*** Records shown ***

(* Let $k\ge 3$ and let $p,p'$ be two POPs of size $k$ having the same set $I$ of isolated vertices, with $k-2,k-1,k\notin I$. Suppose that in both $p$ and $p'$, each of the labels $k-1$ and $k$ is greater than every label $x\in[k-2]\setminus I$. Suppose that the subposets of $p$ and $p'$ induced by $[k-2]\setminus I$ coincide, and that $k<_p k-1$ while $k-1<_{p'}k$. Then $p\sim p'$.
   Context: A partially ordered pattern (POP) $p$ of size $k$ is a partial order $\le_p$ on $[k]=\{1,\dots,k\}$. A permutation $\pi=\pi_1\cdots\pi_n$ contains $p$ if there are indices $i_1<\dots<i_k$ with $\pi_{i_j}<\pi_{i_m}$ whenever $j<_p m$; otherwise it avoids $p$. $\mathfrak S_n(p)$ is the set of permutations of $[n]$ avoiding $p$, and $p\sim q$ (Wilf-equivalence) means $|\mathfrak S_n(p)|=|\mathfrak S_n(q)|$ for all $n\ge 1$. A vertex is isolated if it is comparable to no other vertex. *)

From mathcomp Require Import all_boot all_order all_fingroup.
Set Implicit Arguments. Unset Strict Implicit. Unset Printing Implicit Defensive.

(* A POP of size k is encoded by its STRICT order relation on 'I_k:
   [p x y] means x <_p y.  Label a in [k] = {1..k} corresponds to the
   ordinal of value a-1. *)
Definition is_pop (k : nat) (p : rel 'I_k) : Prop :=
  irreflexive p /\ transitive p.

Definition isolated (k : nat) (p : rel 'I_k) (x : 'I_k) : Prop :=
  forall y : 'I_k, y != x -> ~~ p x y /\ ~~ p y x.

Definition contains (k n : nat) (p : rel 'I_k) (pi : 'S_n) : bool :=
  [exists f : {ffun 'I_k -> 'I_n},
    [forall j : 'I_k, forall m : 'I_k,
       ((j < m)%N ==> (f j < f m)%N) && (p j m ==> (pi (f j) < pi (f m))%N)]].

Definition avoids (k n : nat) (p : rel 'I_k) (pi : 'S_n) : bool :=
  ~~ contains p pi.

Definition num_avoiders (k n : nat) (p : rel 'I_k) : nat :=
  #|[set pi : 'S_n | avoids p pi]|.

*** End of Records shown ***

Your answer must be the lines above from the one containing "Set Implicit Arguments." to the one containing "forall y : 'I_k, y", both included, restated word for word.

» **Problem solution**
Set Implicit Arguments. Unset Strict Implicit. Unset Printing Implicit Defensive.

(* A POP of size k is encoded by its STRICT order relation on 'I_k:
   [p x y] means x <_p y.  Label a in [k] = {1..k} corresponds to the
   ordinal of value a-1. *)
Definition is_pop (k : nat) (p : rel 'I_k) : Prop :=
  irreflexive p /\ transitive p.

Definition isolated (k : nat) (p : rel 'I_k) (x : 'I_k) : Prop :=
  forall y : 'I_k, y != x -> ~~ p x y /\ ~~ p y x.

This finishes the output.